Among the lines below, take the one holding "Lemma join_invP a", the one holding "have Itrans a", and all lines between them. Set them down exactly.

╭─ Listed entries

(* Let $\mathbb{K}$ be an algebraically closed field of characteristic zero, $\mathcal{C}\subset\mathbb{K}^2$ an affine irreducible plane curve, $A=(a,b)\in\mathbb{K}^2$, $d\in\mathbb{K}\setminus\{0\}$, and assume that $\mathcal{C}_0\neq\emptyset$ and that $\mathcal{C}$ is not a circle centered at $A$. Then $\mathfrak{C}(\mathcal{C},A,d)$ is irreducible and special if and only if $\mathcal{C}$ is a line passing through $A$.
   Context: For $\mathcal{C}$ defined by an irreducible polynomial $f(y_1,y_2)$: $\mathfrak{B}(\mathcal{C},A,d)\subset\mathbb{K}^2\times\mathbb{K}^2\times\mathbb{K}$ is the set of $(\bar x,\bar y,w)$ with $f(y_1,y_2)=0$, $(x_1-y_1)^2+(x_2-y_2)^2=d^2$, $(y_2-b)(x_1-y_1)-(y_1-a)(x_2-y_2)=0$, $w((y_1-a)^2+(y_2-b)^2)=1$; $\pi_1,\pi_2$ are the projections $(\bar x,\bar y,w)\mapsto\bar x$, $\mapsto\bar y$; the conchoid $\mathfrak{C}(\mathcal{C},A,d)$ is the Zariski closure of $\pi_1(\mathfrak{B}(\mathcal{C},A,d))$. $\mathcal{C}_0=\{(p_1,p_2)\in\mathcal{C}:(p_1-a)^2+(p_2-b)^2\neq0\}$. An irreducible component $\mathcal{M}$ of $\mathfrak{C}(\mathcal{C},A,d)$ is simple if there is a non-empty Zariski dense $\Omega\subset\mathcal{M}$ with $\mathrm{Card}(\pi_2(\pi_1^{-1}(Q)))=1$ for all $Q\in\Omega$; otherwise special. A circle centered at $A$ of radius $r$ is $(y_1-a)^2+(y_2-b)^2=r^2$. *)

From HB Require Import structures.
From mathcomp Require Import all_boot all_order all_algebra.
Set Implicit Arguments. Unset Strict Implicit. Unset Printing Implicit Defensive.
Import Order.TTheory GRing.Theory Num.Theory.
Local Open Scope ring_scope.

Section Conchoid.
Variable K : closedFieldType.
(* triple product w0 . (w1 x w2) = det [w0 w1 w2] *)
Definition tripleprod (w0 w1 w2 : 'cV[R]_3) : R := dot w0 (crossmx w1 *m w2).

Definition unit_vec (w : 'cV[R]_3) : Prop := dot w w = 1.

(* R_{x,theta}: rotation about the unit vector x by angle theta, counterclockwise
   as seen from x (right-hand rule), Rodrigues formula. *)
Definition rot (x : 'cV[R]_3) (theta : R) : 'M[R]_3 :=
  cos theta *: 1%:M + sin theta *: crossmx x + (1 - cos theta) *: (x *m x^T).

Definition SO3 (M : 'M[R]_3) : Prop := M^T *m M = 1%:M /\ \det M = 1.

(* A representation pi_1(P) = <A,B,C | CBA = 1> -> SO(3) is the triple
   (h(A), h(B), h(C)) of elements of SO(3) with h(C) h(B) h(A) = 1. *)
Definition rep3 := ('M[R]_3 * 'M[R]_3 * 'M[R]_3)%type.
Definition hA (h : rep3) := h.1.1.
Definition hB (h : rep3) := h.1.2.
Definition hC (h : rep3) := h.2.

Definition is_hom (h : rep3) : Prop :=
  [/\ SO3 (hA h), SO3 (hB h), SO3 (hC h) & hC h *m hB h *m hA h = 1%:M].

Definition conj_rep (g : 'M[R]_3) (h : rep3) : rep3 :=
  (g *m hA h *m invmx g, g *m hB h *m invmx g, g *m hC h *m invmx g).

(* the character (conjugacy class) of h *)
Definition char_of (h : rep3) : set rep3 :=
  [set h' | exists2 g, SO3 g & h' = conj_rep g h].

Definition is_char (X : set rep3) : Prop := exists2 h, is_hom h & X = char_of h.

(* topology on Hom(pi_1(P), SO(3)) subset of (M_3(R))^3 : entrywise sup distance *)
Definition close (h h' : rep3) (e : R) : Prop :=
  forall i j : 'I_3, [/\ `|hA h i j - hA h' i j| < e,
                         `|hB h i j - hB h' i j| < e &
                         `|hC h i j - hC h' i j| < e].

Definition open_hom (S : set rep3) : Prop :=
  S `<=` is_hom /\
  forall h, S h -> exists2 e : R, 0 < e &
     forall h', is_hom h' -> close h h' e -> S h'.

(* quotient topology on rep(pi_1(P), SO(3)) *)
Definition open_char (U : set (set rep3)) : Prop :=
  U `<=` is_char /\ open_hom [set h | is_hom h /\ U (char_of h)].

Definition dense_char (U : set (set rep3)) : Prop :=
  forall V, open_char V -> (exists X, V X) -> exists X, V X /\ U X.

Definition char_path (gamma : R -> set rep3) : Prop :=
  (forall t, 0 <= t <= 1 -> is_char (gamma t)) /\
  forall V, open_char V ->
    forall t, 0 <= t <= 1 -> V (gamma t) ->
      exists2 e : R, 0 < e &
        forall s, 0 <= s <= 1 -> `|s - t| < e -> V (gamma s).

Definition sph_angle (w0 w1 w2 : 'cV[R]_3) (theta : R) : Prop :=
  let u1 := w1 - dot w0 w1 *: w0 in
  let u2 := w2 - dot w0 w2 *: w0 in
  0 < theta < pi /\
  cos theta = dot u1 u2 / (Num.sqrt (dot u1 u1) * Num.sqrt (dot u2 u2)).

(* nondegenerate spherical triangle with vertices w0 w1 w2 in clockwise order
   (seen from outside the sphere), i.e. det[w0 w1 w2] < 0 (which also gives
   non-coplanarity), with angles theta0 theta1 theta2 *)
Definition cw_triangle (w0 w1 w2 : 'cV[R]_3) (t0 t1 t2 : R) : Prop :=
  [/\ unit_vec w0, unit_vec w1, unit_vec w2 & tripleprod w0 w1 w2 < 0] /\
  [/\ sph_angle w0 w1 w2 t0, sph_angle w1 w2 w0 t1 & sph_angle w2 w0 w1 t2].

Definition triangular (h : rep3) : Prop :=
  exists w0 w1 w2 : 'cV[R]_3, exists t0 t1 t2 : R,
    cw_triangle w0 w1 w2 t0 t1 t2 /\
    [/\ hA h = rot w0 (2 * t0), hB h = rot w1 (2 * t1) & hC h = rot w2 (2 * t2)].

Definition triangular_char (X : set rep3) : Prop :=
  exists h, [/\ is_hom h, X = char_of h & triangular h].

End Defs.

From mathcomp Require Import all_boot all_order all_algebra.
From mathcomp Require Import all_classical all_reals.
From mathcomp Require Import trigo topology normedtype.
From mathcomp Require Import ring lra.
Set Implicit Arguments. Unset Strict Implicit. Unset Printing Implicit Defensive.
Import Order.TTheory GRing.Theory Num.Theory numFieldNormedType.Exports.
Local Open Scope ring_scope.

(* Every rotation is qrot p for a unit quaternion p. If the imaginary parts of lifts p, q
   of h(A), h(B) are linearly independent, the normalized imaginary parts of p, q and of
   r = -(q p)^* are the vertices of a clockwise spherical triangle whose angles are the
   arccosines of the real parts of p, q, r, and h is the holonomy of that triangle.
   The conjugation invariant skew_gram h equals 1024 Re(p)^2 Re(q)^2 |Im p × Im q|^2, so
   skew_gram h > 0 is an open condition that forces h to be triangular. Moving p and q
   along suitable lines p + t u, q + t w gives, for every t > 0, independent imaginary
   parts and nonzero real parts; after normalization this is a path of representations
   starting at h, which yields both the paths of the theorem and the density. *)

Definition o0 : 'I_3 := @Ordinal 3 0 isT.
Definition o1 : 'I_3 := @Ordinal 3 1 isT.
Definition o2 : 'I_3 := @Ordinal 3 2 isT.

Lemma ord3P (i : 'I_3) : [\/ i = o0, i = o1 | i = o2].
Proof.
by case: i => [[|[|[|//]]] ?]; [apply: Or31 | apply: Or32 | apply: Or33]; apply: val_inj.
Qed.

Ltac case_ord3 i := case: (ord3P i) => ->.

Section Matrix3.
Variable R : realType.

Definition mx3 (a b c d e f g h i : R) : 'M[R]_3 :=
  \matrix_(r < 3, s < 3)
    match nat_of_ord r, nat_of_ord s with
    | 0, 0 => a | 0, 1 => b | 0, _ => c
    | 1, 0 => d | 1, 1 => e | 1, _ => f
    | _, 0 => g | _, 1 => h | _, _ => i end.

Definition vec3 (x y z : R) : 'cV[R]_3 :=
  \col_(r < 3) match nat_of_ord r with 0 => x | 1 => y | _ => z end.

Lemma mx3E (M : 'M[R]_3) : M = mx3 (M o0 o0) (M o0 o1) (M o0 o2)
   (M o1 o0) (M o1 o1) (M o1 o2) (M o2 o0) (M o2 o1) (M o2 o2).
Proof. by apply/matrixP => r s; rewrite mxE; case_ord3 r; case_ord3 s. Qed.

Lemma mulmx3 a b c d e f g h i a' b' c' d' e' f' g' h' i' :
  mx3 a b c d e f g h i *m mx3 a' b' c' d' e' f' g' h' i' =
  mx3 (a*a'+b*d'+c*g') (a*b'+b*e'+c*h') (a*c'+b*f'+c*i')
      (d*a'+e*d'+f*g') (d*b'+e*e'+f*h') (d*c'+e*f'+f*i')
      (g*a'+h*d'+i*g') (g*b'+h*e'+i*h') (g*c'+h*f'+i*i').
Proof.
apply/matrixP => r s; rewrite !mxE !big_ord_recr big_ord0 /= !mxE /=.
by case_ord3 r; case_ord3 s; rewrite /= add0r.
Qed.

Lemma trmx3 a b c d e f g h i : (mx3 a b c d e f g h i)^T = mx3 a d g b e h c f i.
Proof. by apply/matrixP => r s; rewrite !mxE; case_ord3 r; case_ord3 s. Qed.

Lemma addmx3 a b c d e f g h i a' b' c' d' e' f' g' h' i' :
  mx3 a b c d e f g h i + mx3 a' b' c' d' e' f' g' h' i' =
  mx3 (a+a') (b+b') (c+c') (d+d') (e+e') (f+f') (g+g') (h+h') (i+i').
Proof. by apply/matrixP => r s; rewrite !mxE; case_ord3 r; case_ord3 s. Qed.

Lemma submx3 a b c d e f g h i a' b' c' d' e' f' g' h' i' :
  mx3 a b c d e f g h i - mx3 a' b' c' d' e' f' g' h' i' =
  mx3 (a-a') (b-b') (c-c') (d-d') (e-e') (f-f') (g-g') (h-h') (i-i').
Proof. by apply/matrixP => r s; rewrite !mxE; case_ord3 r; case_ord3 s. Qed.

Lemma scalemx3 k a b c d e f g h i :
  k *: mx3 a b c d e f g h i =
  mx3 (k*a) (k*b) (k*c) (k*d) (k*e) (k*f) (k*g) (k*h) (k*i).
Proof. by apply/matrixP => r s; rewrite !mxE; case_ord3 r; case_ord3 s. Qed.

Lemma mx3_1 : (1%:M : 'M[R]_3) = mx3 1 0 0 0 1 0 0 0 1.
Proof. by apply/matrixP => r s; rewrite !mxE; case_ord3 r; case_ord3 s. Qed.
Lemma mem_invS n w a b : w \in S n ->
  ((a, b) \in inv w) = [&& a < b, b < n & index b w < index a w].
Proof.
move=> wS; rewrite mem_inv !(S_mem _ wS).
case: (ltnP a b) => ab /=; last by rewrite !andbF.
case: (ltnP b n) => bn /=; last by rewrite !andbF.
by rewrite (ltn_trans ab bn).
Qed.

Lemma inv_uniq w : uniq w -> uniq (inv w).
Proof.
move=> uw; apply/filter_uniq/allpairs_uniq => //.
by move=> [a b] [c d] _ _ /= [-> ->].
Qed.

Lemma weak_leP x y :
  reflect (forall a b, (a, b) \in inv x -> (a, b) \in inv y) (weak_le x y).
Proof. by apply: (iffP allP) => [H a b|H [a b]]; apply: H. Qed.

Lemma weak_le_refl x : weak_le x x.
Proof. by apply/weak_leP. Qed.

Lemma weak_le_trans x y z : weak_le x y -> weak_le y z -> weak_le x z.
Proof. by move=> /weak_leP H1 /weak_leP H2; apply/weak_leP => a b /H1 /H2. Qed.

Lemma map_index_iota w : uniq w -> map (index^~ w) w = iota 0 (size w).
Proof.
move=> uw; apply: (@eq_from_nth _ 0); rewrite size_map ?size_iota // => i iw.
by rewrite (nth_map 0) // nth_iota // index_uniq.
Qed.

Lemma index_count w a : uniq w -> a \in w ->
  index a w = count (fun b => index b w < index a w) w.
Proof.
move=> uw aw.
rewrite -(count_map (index^~ w) (fun i => i < index a w)) map_index_iota //.
have ia : index a w <= size w by rewrite ltnW ?index_mem.
rewrite -(subnKC ia) iotaD count_cat add0n.
rewrite (@eq_in_count _ _ predT) ?count_predT ?size_iota; last first.
  by move=> i; rewrite mem_iota.
rewrite (@eq_in_count _ _ pred0) ?count_pred0 ?addn0 //.
by move=> i; rewrite mem_iota /= => /andP[H _]; rewrite ltnNge H.
Qed.

Lemma S_index_ltE n w a b : w \in S n -> a < n -> b < n -> a != b ->
  (index b w < index a w) = if a < b then (a, b) \in inv w else (b, a) \notin inv w.
Proof.
move=> wS an bn ab; rewrite !(mem_invS _ _ wS) an bn.
case: (ltngtP a b) => //= [_|/eqP]; last by rewrite (negbTE ab).
have ne : index a w != index b w by apply: contra_neq ab; apply: S_index_inj wS an bn.
by rewrite ltnNge leq_eqVlt (negbTE ne).
Qed.

Lemma S_eq_index n x y : x \in S n -> y \in S n ->
  (forall a, a < n -> index a x = index a y) -> x = y.
Proof.
move=> xS yS Eidx; apply: (@eq_from_nth _ 0) => [|i]; first by rewrite !(S_size xS, S_size yS).
rewrite (S_size xS) => ilt.
have xi : nth 0 x i < n by rewrite -(S_mem _ xS) mem_nth ?(S_size xS).
have := Eidx _ xi; rewrite index_uniq ?(S_uniq xS) ?(S_size xS) // => Ei.
by rewrite {2}Ei nth_index // (S_mem _ yS).
Qed.

Lemma S_inv_inj n x y : x \in S n -> y \in S n -> inv x =i inv y -> x = y.
Proof.
move=> xS yS Einv; apply: (S_eq_index xS yS) => a an.
rewrite (index_count (S_uniq xS)) ?(S_mem _ xS) //.
rewrite (index_count (S_uniq yS)) ?(S_mem _ yS) //.
have /permP -> : perm_eq x (iota 0 n) by rewrite -memS.
have /permP -> : perm_eq y (iota 0 n) by rewrite -memS.
apply: eq_in_count => b; rewrite mem_iota /= => bn.
have [<-|ab] := eqVneq a b; first by rewrite !ltnn.
by rewrite (S_index_ltE xS) ?(S_index_ltE yS) // !Einv.
Qed.

Lemma weak_le_anti n x y : x \in S n -> y \in S n ->
  weak_le x y -> weak_le y x -> x = y.
Proof.
move=> xS yS /weak_leP Hxy /weak_leP Hyx.
by apply: (S_inv_inj xS yS) => -[a b]; apply/idP/idP; [apply: Hxy | apply: Hyx].
Qed.

Lemma weak_lt_size n x y : x \in S n -> y \in S n -> weak_le x y -> x != y ->
  size (inv x) < size (inv y).
Proof.
move=> xS yS le_xy; apply: contraNT; rewrite -leqNgt => le_size.
have sub : {subset inv x <= inv y} by move=> [a b]; apply/weak_leP.
have [_ Einv] := uniq_min_size (inv_uniq (S_uniq xS)) sub le_size.
by rewrite (S_inv_inj xS yS Einv).
Qed.

Lemma inv_trans n w a b c : w \in S n ->
  (a, b) \in inv w -> (b, c) \in inv w -> (a, c) \in inv w.
Proof.
move=> wS; rewrite !(mem_invS _ _ wS) => /and3P[ab bn i1] /and3P[bc cn i2].
by rewrite (ltn_trans ab bc) cn (ltn_trans i2 i1).
Qed.

Lemma inv_cotrans n w a b c : w \in S n -> a < b -> b < c ->
  (a, c) \in inv w -> ((a, b) \in inv w) || ((b, c) \in inv w).
Proof.
move=> wS ab bc; rewrite !(mem_invS _ _ wS) ab bc => /and3P[_ cn ca].
have bn := ltn_trans bc cn; rewrite bn cn /=.
have ne : index b w != index a w.
  by apply: contra_neq (negbT (gtn_eqF ab)); apply: S_index_inj wS bn (ltn_trans ab bn).
by case: ltngtP ne => // ba _; rewrite (ltn_trans ca ba) orbT.
Qed.

Lemma index_rev w a : uniq w -> a \in w ->
  index a (rev w) = (size w).-1 - index a w.
Proof.
move=> uw aw; have ia : index a w < size w by rewrite index_mem.
have k_lt : (size w).-1 - index a w < size w by lia.
have : nth 0 (rev w) ((size w).-1 - index a w) = a.
  rewrite nth_rev //.
  have -> : size w - ((size w).-1 - index a w).+1 = index a w by lia.
  exact: nth_index.
by move=> E; rewrite -{1}E index_uniq ?size_rev ?rev_uniq.
Qed.

Lemma inv_rev n w a b : w \in S n ->
  ((a, b) \in inv (rev w)) = [&& a < b, b < n & (a, b) \notin inv w].
Proof.
move=> wS; rewrite (mem_invS _ _ (rev_S wS)) (mem_invS _ _ wS).
case: (ltnP a b) => //= ab; case: (ltnP b n) => //= bn.
have an := ltn_trans ab bn.
have ne : index a w != index b w.
  by apply: contra_neq (negbT (ltn_eqF ab)); apply: S_index_inj wS an bn.
have := index_mem a w; have := index_mem b w.
rewrite !index_rev ?(S_uniq wS) ?(S_mem _ wS) // (S_size wS) => ibw iaw.
by apply/idP/idP; lia.
Qed.

Lemma weak_le_rev n x y : x \in S n -> y \in S n ->
  weak_le x y = weak_le (rev y) (rev x).
Proof.
move=> xS yS; apply/weak_leP/weak_leP => H a b.
  by rewrite (inv_rev _ _ yS) (inv_rev _ _ xS) => /and3P[-> -> /=]; apply: contra; apply: H.
move=> Hx; apply: contraT => Hy; move: (Hx); rewrite (mem_invS _ _ xS) => /and3P[ab bn _].
by have := H a b; rewrite (inv_rev _ _ yS) (inv_rev _ _ xS) ab bn Hy Hx => /(_ isT).
Qed.
End PermutationWords.

Section InversionSetRealization.
Variables (n : nat) (I : rel nat).
Hypothesis I_trans : forall a b c, a < b -> b < c -> I a b -> I b c -> I a c.
Hypothesis I_cotrans : forall a b c, a < b -> b < c -> I a c -> I a b || I b c.

(* [inv_prec i j]: the letter [i] comes before [j] in a permutation with inversion set [I]. *)
Definition inv_prec i j : bool := if i < j then ~~ I i j else (j < i) && I j i.

Lemma inv_prec_trans : transitive inv_prec.
Proof.
move=> j i k; rewrite /inv_prec.
case: (ltngtP i j) => //= ij; case: (ltngtP j k) => //= jk.
- move=> /negP nIij /negP nIjk; rewrite (ltn_trans ij jk); apply/negP => Iik.
  by case/orP: (I_cotrans ij jk Iik).
- move=> /negP nIij Ikj; case: (ltngtP i k) => //= [ik|ki|eik].
  + by apply/negP => Iik; apply: nIij (I_trans ik jk Iik Ikj).
  + by case/orP: (I_cotrans ki ij Ikj) => // /nIij.
  + by case: nIij; rewrite eik.
- move=> Iji /negP nIjk; case: (ltngtP i k) => //= [ik|ki|eik].
  + by apply/negP => Iik; apply: nIjk (I_trans ij ik Iji Iik).
  + by case/orP: (I_cotrans jk ki Iji) => // /nIjk.
  + by case: nIjk; rewrite -eik.
- move=> Iji Ikj; have ki := ltn_trans jk ij.
  by rewrite ltnNge (ltnW ki) ki; apply: I_trans jk ij Ikj Iji.
Qed.

Lemma inv_prec_asym i j : inv_prec i j -> ~~ inv_prec j i.
Proof. by rewrite /inv_prec; case: (ltngtP i j) => //= _; case: (I i j); case: (I j i). Qed.

Definition inv_prec_le i j := (i == j) || inv_prec i j.

Lemma inv_prec_le_trans : transitive inv_prec_le.
Proof.
move=> j i k /predU1P[->//|ij] /predU1P[<-|jk]; first by rewrite /inv_prec_le ij orbT.
by rewrite /inv_prec_le (inv_prec_trans ij jk) orbT.
Qed.

Lemma inv_prec_le_total : total inv_prec_le.
Proof.
move=> i j; rewrite /inv_prec_le /inv_prec.
by case: (ltngtP i j) => //= _; case: (I _ _); rewrite ?orbT.
Qed.

Definition realize_inv := sort inv_prec_le (iota 0 n).

Lemma realize_inv_S : realize_inv \in S n.
Proof. by rewrite memS perm_sort. Qed.

Lemma index_realize_inv a b : a < n -> b < n -> a != b ->
  (index a realize_inv < index b realize_inv) = inv_prec a b.
Proof.
move=> an bn ab.
have sorted_r := sort_sorted inv_prec_le_total (iota 0 n).
have [ar br] : a \in realize_inv /\ b \in realize_inv by rewrite !(S_mem _ realize_inv_S).
apply/idP/idP => [|prec_ab].
  move/(sorted_ltn_index inv_prec_le_trans sorted_r _ _ ar br).
  by rewrite /inv_prec_le (negbTE ab).
have ne : index a realize_inv != index b realize_inv.
  by apply: contra_neq ab; apply: S_index_inj realize_inv_S an bn.
rewrite ltn_neqAle ne leqNgt; apply/negP.
move/(sorted_ltn_index inv_prec_le_trans sorted_r _ _ br ar).
by rewrite /inv_prec_le eq_sym (negbTE ab) /=; apply/negP; apply: inv_prec_asym.
Qed.

Lemma inv_realize_inv a b : ((a, b) \in inv realize_inv) = [&& a < b, b < n & I a b].
Proof.
rewrite (mem_invS _ _ realize_inv_S); case: (ltnP a b) => //= ab.
case: (ltnP b n) => //= bn; have an := ltn_trans ab bn.
by rewrite index_realize_inv ?(gtn_eqF ab) // /inv_prec ltnNge (ltnW ab) ab.
Qed.
End InversionSetRealization.

Section WeakOrderJoin.
Variables (n : nat) (x y : seq nat).
Hypotheses (xS : x \in S n) (yS : y \in S n).

Let inv_step a b : Prop := (a, b) \in inv x \/ (a, b) \in inv y.

(* The inversion set of the join is the transitive closure of [inv x ∪ inv y]. *)
Definition join_inv a b : bool :=
  if excluded_middle_informative (clos_trans nat inv_step a b) then true else false.

Lemma join_invP a b : reflect (clos_trans nat inv_step a b) (join_inv a b).
Proof. by rewrite /join_inv; case: excluded_middle_informative => H; constructor. Qed.

Lemma inv_closure_lt a b : clos_trans nat inv_step a b -> a < b /\ b < n.
Proof.
elim=> [u v [] | u v w _ [uv _] _ [vw wn]]; last by rewrite (ltn_trans uv vw).
  by rewrite (mem_invS _ _ xS) => /and3P[].
by rewrite (mem_invS _ _ yS) => /and3P[].
Qed.

Lemma inv_closure_cotrans a c : clos_trans nat inv_step a c ->
  forall b, a < b -> b < c -> clos_trans nat inv_step a b \/ clos_trans nat inv_step b c.
Proof.
elim=> [u v Iuv b ub bv | u m v Tum IHum Tmv IHmv b ub bv].
  have Ib : inv_step u b \/ inv_step b v.
    case: Iuv => [/(inv_cotrans xS ub bv) | /(inv_cotrans yS ub bv)] /orP[];
    by [left; left | right; left | left; right | right; right].
  by case: Ib => Ib; [left | right]; apply: t_step.
have [um _] := inv_closure_lt Tum; have [mv _] := inv_closure_lt Tmv.
case: (ltngtP b m) => [bm|mb|->]; last by left.
  by case: (IHum b ub bm) => [|Tbm]; [left | right; apply: t_trans Tbm Tmv].
by case: (IHmv b mb bv) => [Tmb|]; [left; apply: t_trans Tum Tmb | right].
Qed.

Lemma join_exists : exists j, is_join n j x y.
Proof.
have Itrans a b c : a < b -> b < c -> join_inv a b -> join_inv b c -> join_inv a c.
  by move=> _ _ /join_invP Tab /join_invP Tbc; apply/join_invP/(t_trans _ _ _ _ _ Tab Tbc).
have Icotrans a b c : a < b -> b < c -> join_inv a c -> join_inv a b || join_inv b c.
  move=> ab bc /join_invP/inv_closure_cotrans/(_ b ab bc).
  by case=> /join_invP ->; rewrite ?orbT.
have inv_j := inv_realize_inv n Itrans Icotrans.
have step_inv a b : inv_step a b -> (a, b) \in inv (realize_inv n join_inv).
  move=> Sab; have Tab := t_step _ _ _ _ Sab; have [ab bn] := inv_closure_lt Tab.
  by rewrite inv_j ab bn; apply/join_invP.
exists (realize_inv n join_inv); split; first exact: realize_inv_S.
- by apply/weak_leP => a b Ixab; apply: step_inv; left.
- by apply/weak_leP => a b Iyab; apply: step_inv; right.
move=> w wS /weak_leP Hx /weak_leP Hy; apply/weak_leP => a b.
rewrite inv_j => /and3P[_ _ /join_invP].
by elim=> [u v [/Hx|/Hy] // | u m v _ Ium _ Imv]; apply: inv_trans wS Ium Imv.
Qed.
End WeakOrderJoin.

Lemma meet_exists n x y : x \in S n -> y \in S n -> exists m, is_meet n m x y.
Proof.
move=> xS yS; have [j [jS xj yj j_min]] := join_exists (rev_S xS) (rev_S yS).
have jrS := rev_S jS; exists (rev j); split=> //.
- by rewrite (weak_le_rev jrS xS) revK.
- by rewrite (weak_le_rev jrS yS) revK.
move=> z zS zx zy; rewrite (weak_le_rev zS jrS) revK.
by apply: j_min; rewrite ?rev_S // -?(weak_le_rev zS xS) -?(weak_le_rev zS yS).
Qed.

Lemma is_meet_sym n m x y : is_meet n m x y -> is_meet n m y x.
Proof. by case=> mS mx my m_max; split=> // z zS zx zy; apply: m_max. Qed.

Lemma is_meet_le n x y : x \in S n -> weak_le x y -> is_meet n x x y.
Proof. by move=> xS xy; split=> //; apply: weak_le_refl. Qed.

Definition is_min n (R : rel (seq nat)) x :=
  x \in S n /\ forall y, y \in S n -> R x y -> weak_le x y.

Lemma inZP Theta n x : reflect (is_min n (Theta n) x) (inZ Theta n x).
Proof.
apply: (iffP andP) => [[xS /allP x_min]|[xS x_min]]; split=> //.
  by move=> y yS Rxy; have := x_min y yS; rewrite Rxy.
by apply/allP => y yS; apply/implyP; apply: x_min.
Qed.

Section CongruenceClasses.
Variables (n : nat) (R : rel (seq nat)).
Hypothesis RC : lattice_congruence n R.

Lemma congr_refl x : x \in S n -> R x x.
Proof. by case: RC => H _ _ _ _; apply: H. Qed.

Lemma congr_sym x y : x \in S n -> y \in S n -> R x y -> R y x.
Proof. by case: RC => _ H _ _ _; apply: H. Qed.

Lemma congr_trans x y z : x \in S n -> y \in S n -> z \in S n -> R x y -> R y z -> R x z.
Proof. by case: RC => _ _ H _ _; apply: H. Qed.

Lemma congr_meet x y z m m' : x \in S n -> y \in S n -> z \in S n ->
  R x y -> is_meet n m x z -> is_meet n m' y z -> R m m'.
Proof. by case: RC => _ _ _ H _; apply: H. Qed.

Lemma congr_join x y z j j' : x \in S n -> y \in S n -> z \in S n ->
  R x y -> is_join n j x z -> is_join n j' y z -> R j j'.
Proof. by case: RC => _ _ _ _ H; apply: H. Qed.

(* A non-minimal [y] is congruent to its meet with any congruent [y'] not above it,
   which has fewer inversions. *)
Lemma exists_class_min y : y \in S n -> exists2 x, is_min n R x & R x y.
Proof.
have [k] := ubnP (size (inv y)); elim: k y => // k IH y lt_yk yS.
have [y_min|] := boolP (all (fun y' => R y y' ==> weak_le y y') (S n)).
  exists y; last exact: congr_refl.
  by split=> // z zS Ryz; move/allP/(_ z zS): y_min; rewrite Ryz.
rewrite -has_predC => /hasP[y' y'S] /=; rewrite negb_imply => /andP[Ryy' not_yy'].
have [m m_meet] := meet_exists y'S yS; have [mS my' my _] := m_meet.
have Rmy : R m y.
  apply: (congr_meet y'S yS yS (congr_sym yS y'S Ryy') m_meet).
  exact: is_meet_le (weak_le_refl y).
have lt_mk : size (inv m) < k.
  rewrite -ltnS (leq_trans _ lt_yk) // ltnS (weak_lt_size mS yS my) //.
  by apply: contraNneq not_yy' => <-.
have [x x_min Rxm] := IH m lt_mk mS.
by exists x => //; apply: congr_trans (proj1 x_min) mS yS Rxm Rmy.
Qed.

╰─

== Exercise output ==
Lemma join_invP a b : reflect (clos_trans nat inv_step a b) (join_inv a b).
Proof. by rewrite /join_inv; case: excluded_middle_informative => H; constructor. Qed.

Lemma inv_closure_lt a b : clos_trans nat inv_step a b -> a < b /\ b < n.
Proof.
elim=> [u v [] | u v w _ [uv _] _ [vw wn]]; last by rewrite (ltn_trans uv vw).
  by rewrite (mem_invS _ _ xS) => /and3P[].
by rewrite (mem_invS _ _ yS) => /and3P[].
Qed.

Lemma inv_closure_cotrans a c : clos_trans nat inv_step a c ->
  forall b, a < b -> b < c -> clos_trans nat inv_step a b \/ clos_trans nat inv_step b c.
Proof.
elim=> [u v Iuv b ub bv | u m v Tum IHum Tmv IHmv b ub bv].
  have Ib : inv_step u b \/ inv_step b v.
    case: Iuv => [/(inv_cotrans xS ub bv) | /(inv_cotrans yS ub bv)] /orP[];
    by [left; left | right; left | left; right | right; right].
  by case: Ib => Ib; [left | right]; apply: t_step.
have [um _] := inv_closure_lt Tum; have [mv _] := inv_closure_lt Tmv.
case: (ltngtP b m) => [bm|mb|->]; last by left.
  by case: (IHum b ub bm) => [|Tbm]; [left | right; apply: t_trans Tbm Tmv].
by case: (IHmv b mb bv) => [Tmb|]; [left; apply: t_trans Tum Tmb | right].
Qed.

Lemma join_exists : exists j, is_join n j x y.
Proof.
have Itrans a b c : a < b -> b < c -> join_inv a b -> join_inv b c -> join_inv a c.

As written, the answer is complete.